A 30-mL syringe was filled with skim milk and inserted into a syringe pump (Perfusor Basic; B. Braun Medical, Bethlehem, PA). Flow rates were set in terms of the amount of time to empty the syringe. The slowest available settings were used in this experiment, keeping them within a range relevant to measurements in retinal vessels. Pump settings and resultant flow rates, mean velocities, and maximum velocities are listed in
Table 1 . Intravenous (IV) tubing connected the syringe within the pump to a glass capillary tube (internal diameter, 0.579 mm; Yankee 20λ disposable micropipette; Becton Dickinson, Parsippany, NJ) shallowly embedded in agarose gel. Intravenous tubing then carried the milk to a collection reservoir
(Fig. 1) . The orientation of the milk column within the three-dimensional (3D) scan data was used to determine the Doppler angle relative to the interrogating SD-OCT beam. All measurements were performed with the capillary tube in a single location, and the Doppler angle remained constant throughout the experiment.
All imaging was performed with a customized SD-OCT consisting of an anterior segment eye scanner and optics engine (Bioptigen, Research Triangle Park, NC) coupled with a 3-diode, 100-nm bandwidth broadband superluminescent diode (T-840; Superlum, Cork, Ireland). This configuration yielded a theoretical axial scan resolution of 3.5 μm in medium. CCD integration time was set at 35 μs, yielding an A-scan frequency of 28,571 Hz and a Nyquist limit of 14,285 Hz for Doppler shifts. The velocity associated with this limit is a function of the center wavelength of the SD-OCT light source, the medium in which flow occurs, and the angle of the velocity vector relative to the SD-OCT beam
4 and is calculated as:
\[\mathrm{Velocity}{=}\ \frac{\mathrm{Doppler\ Frequency}{\times}\mathrm{Center\ Wavelength}}{2{\times}\mathrm{Refractive\ Index}{\times}\mathrm{Cos}(\mathrm{Doppler\ Angle})}\]

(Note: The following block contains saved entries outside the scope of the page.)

Lemma qform_schur y : qform schur_complement y = qform d y - al^-1 * (b *m y) 0 0 ^+ 2.
Proof.
rewrite !qformE bilDm bilNm bilZm; congr (_ - _ * _).
have -> : b^T *m b = b^T *m 1%:M *m b by rewrite mulmx1.
by rewrite -bil_mul bil_scalar mul1mx expr2.
Qed.

Lemma qform_block1_schur t y : al != 0 ->
  qform M (col_mx t y) = al * (t 0 0 + (b *m y) 0 0 / al) ^+ 2 + qform schur_complement y.
Proof. by move=> al0; rewrite qform_block1 qform_schur; field. Qed.

Hypothesis M_neg : forall u, u != 0 -> qform M u < 0.

Lemma block1_corner_lt0 : al < 0.
Proof.
have nz : col_mx (1%:M : 'M[R]_1) (0 : 'cV[R]_N) != 0.
  by rewrite col_mx_eq0 negb_and oner_eq0.
by have := M_neg nz; rewrite qform_block1 mulmx0 qformE bil0x !mxE mulr0 !addr0 expr1n mulr1.
Qed.

Lemma schur_complement_neg y : y != 0 -> qform schur_complement y < 0.
Proof.
move=> y0; have al0 : al != 0 by rewrite lt_eqF ?block1_corner_lt0.
have nz : col_mx ((- (b *m y) 0 0 / al)%:M : 'cV[R]_1) y != 0.
  by rewrite col_mx_eq0 negb_and y0 orbT.
by have := M_neg nz; rewrite qform_block1_schur // mxE mulr1n mulNr addNr expr0n mulr0 add0r.
Qed.

Lemma block1_neg_bound e' : 0 < e' ->
    (forall y, qform schur_complement y <= - e' * sqnorm y) ->
  exists e, 0 < e /\ forall u, qform M u <= - e * sqnorm u.
Proof.
move=> e'0 He'.
set A := - al; have A0 : 0 < A by rewrite oppr_gt0 block1_corner_lt0.
have [C [C0 HC]] := bil_diag_le (1%:M : 'M[R]_1) b b.
set K := C / A ^+ 2; have K0 : 0 <= K by rewrite divr_ge0 ?sqr_ge0.
have K1 : 0 < 2 * K + 1 by lra.
exists (Num.min (A / 2) (e' / (2 * K + 1))); split.
  by rewrite lt_min !divr_gt0.
move=> u; rewrite -[u]vsubmxK qform_block1_schur ?lt_eqF ?block1_corner_lt0 //.
rewrite sqnorm_col sqnorm1 -/A.
have -> : al = - A by rewrite opprK.
apply: (sqr_shift_bound (K := K) (e' := e')) => //.
- exact: sqnorm_ge0.
- rewrite /K expr_div_n sqrrN [C / _ * _]mulrAC ler_pM2r ?invr_gt0 ?exprn_gt0 //.
  have := HC (dsubmx u); rewrite -sqnormE sqnorm1; exact: le_trans (ler_norm _).
- by rewrite lt_min !divr_gt0.
- by rewrite mulrC -ler_pdivlMr // ge_min lexx.
- by rewrite -ler_pdivlMr // ge_min lexx orbT.
Qed.

End SchurComplement.

Lemma neg_def_uniform N (M : 'M[R]_N) :
  neg_def M -> exists e, 0 < e /\ forall u, qform M u <= - e * sqnorm u.
Proof.
elim: N M => [|N IH] M [Msym Mneg].
  by exists 1; split => // u; rewrite qformE bilE /sqnorm !big_ord0 mulr0.
move: Msym Mneg; rewrite -[M](submxK (M : 'M_(1 + N))).
set a := ulsubmx _; set b := ursubmx _; set c := dlsubmx _; set d := drsubmx _.
move=> Msym Mneg.
have /eq_block_mx[_ _ cE dsym] : block_mx a^T c^T b^T d^T = block_mx a b c d.
  by rewrite -tr_block_mx.
rewrite -cE in Mneg *.
have [e' [e'0 He']] := IH _ (conj (schur_complement_sym a b dsym) (schur_complement_neg Mneg)).
exact: block1_neg_bound He'.
Qed.

End UniformNegativity.

Section Dissipation.
Variable R : rcfType.

Lemma qform_diag_ReLU_le m (S : 'M[R]_m) (xi : 'cV[R]_m) :
  is_diag_mx S -> (forall i, 0 <= S i i) -> qform S (ReLU xi) <= qform S xi.
Proof.
move=> /is_diag_mxP Sdiag Spos.
have diagE u : qform S u = \sum_i S i i * u i 0 ^+ 2.
  rewrite qformE bilE; apply: eq_bigr => i _.
  rewrite (bigD1 i) //= big1 ?addr0; first by rewrite expr2; ring.
  by move=> j ji; rewrite Sdiag ?mulr0 ?mul0r // eq_sym.
rewrite !diagE; apply: ler_sum => i _; apply: ler_wpM2l => //.
by rewrite mxE /relu1; case: ifP => // _; rewrite expr0n sqr_ge0.
Qed.

Lemma sum_dissipation (V q f : nat -> R) : V 0%N = 0 ->
    (forall k, V k.+1 - V k + q k <= f k) ->
  forall t, V t + \sum_(k < t) q k <= \sum_(k < t) f k.
Proof.
move=> V0 step; elim=> [|t IHt]; first by rewrite !big_ord0 V0 addr0.
by rewrite !big_ord_recr /=; have := step t; lra.
Qed.

End Dissipation.

Section RNN.
Variables (R : rcfType) (n m : nat) (L : 'M[R]_n) (Win : 'M[R]_(n, m))
  (Wout : 'M[R]_(m, n)) (Pi : 'M[R]_(m + m)) (P : 'M[R]_n) (S : 'M[R]_m).

Definition lmi_mx :=
  block_mx (- P) 0 0 (- S)
  + (block_mx L Win Wout 0)^T *m block_mx P 0 0 S *m block_mx L Win Wout 0
  + (block_mx Wout 0 0 (1%:M : 'M[R]_m))^T *m Pi *m block_mx Wout 0 0 (1%:M : 'M[R]_m).

Lemma qform_lmi x w : qform lmi_mx (col_mx x w) =
  qform P (L *m x + Win *m w) - qform P x + qform S (Wout *m x) - qform S w
  + qform Pi (col_mx (Wout *m x) w).
Proof.
rewrite /lmi_mx !qformE !bilDm -!bil_mul !mul_block_col !bil_block.
by rewrite !mul0mx !addr0 add0r mul1mx !bil0m !bilNm; ring.
Qed.

(* Each [G *m u] is an argument of a quadratic form of the LMI built from
   [u = (x, w)]; [H *m r] adds the input [r = (s, v)]: [v] enters the state
   update and [s] the argument of the ReLU. *)
Definition input_effect (u : 'cV[R]_(n + m)) (r : 'cV[R]_(m + n)) :=
  qshift P (row_mx L Win) (row_mx 0 1%:M) u r
  + qshift Pi (block_mx Wout 0 0 1%:M) (col_mx (row_mx 1%:M 0) 0) u r
  + qshift S (row_mx Wout 0) (row_mx 1%:M 0) u r.

Lemma dominated_input_effect : dominated input_effect.
Proof. by apply: dominatedD; [apply: dominatedD |]; apply: dominated_qshift. Qed.

Hypotheses (S_diag : is_diag_mx S) (S_pos : forall i, 0 <= S i i).

Lemma rnn_step x s v (w := ReLU (Wout *m x + s)) :
  qform P (L *m x + Win *m w + v) - qform P x + qform Pi (col_mx (Wout *m x + s) w)
  <= qform lmi_mx (col_mx x w) + input_effect (col_mx x w) (col_mx s v).
Proof.
have := qform_diag_ReLU_le (Wout *m x + s) S_diag S_pos; rewrite -/w.
rewrite qform_lmi /input_effect /qshift !mul_block_col !mul_col_mx !mul_row_col.
rewrite !mul0mx !mul1mx !addr0 !add0r add_col_mx addr0.
lra.
Qed.

Hypotheses (P_psd : forall x, 0 <= qform P x) (Pi_iqc : relu_iqc Pi)
  (lmi_neg : neg_def lmi_mx).

Local Notation x := (rnn_x L Win Wout).
Local Notation z := (rnn_z L Win Wout).
Local Notation w := (rnn_w L Win Wout).

Lemma rnn_dissipation : exists e C, [/\ 0 < e, 0 <= C & forall s v k,
  qform P (x s v k.+1) - qform P (x s v k) + qform Pi (col_mx (z s v k + s k) (w s v k))
  <= C * sqnorm (col_mx (s k) (v k)) - e * sqnorm (col_mx (x s v k) (w s v k))].
Proof.
have [e [e0 He]] := neg_def_uniform lmi_neg.
have e20 : 0 < e / 2 by rewrite divr_gt0.
have [C [C0 HC]] := dominated_input_effect e20.
exists (e / 2), C; split => // s v k.
have := rnn_step (x s v k) (s k) (v k).
have := He (col_mx (x s v k) (w s v k)).
have := le_trans (ler_norm _) (HC (col_mx (x s v k) (w s v k)) (col_mx (s k) (v k))).
rewrite /rnn_w /rnn_z /=; lra.
Qed.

In water (refractive index, 1.33), and with velocity oriented perpendicularly into the beam (angle, 0; cosine(0), 1), an 870-nm centered light source sampled at 28,000 Hz has a Doppler velocity Nyquist limit of 4.58 mm/s.
4 Doppler shift measurements were recorded on a 16-bit scale. The center of the scale, 32,767, represents a Doppler shift of zero. Negative Doppler shifts were evenly distributed from 32,766 to 0, with 0 the negative Doppler Nyquist velocity. Positive Doppler shifts were evenly distributed from 32,768 to 65,535, with 65,535 the positive Nyquist Doppler limit. Thus,
Figures 2 and 3display Doppler samples with background noise fluctuating around 32,767 (0 Doppler). Doppler images were processed with ImageJ (1.38X; developed by Wayne Rasband, National Institutes of Health, Bethesda, MD; available at http://rsb.info.nih.gov/ij/index.html).
A density of 128 × 128 A-scans was spread over a 4 × 4 mm area, and each A-scan was 2 mm in length. Fifteen sequential stationary A-scans were obtained at each of the 128 × 128 positions, and Doppler shifts were calculated from temporal changes in phase.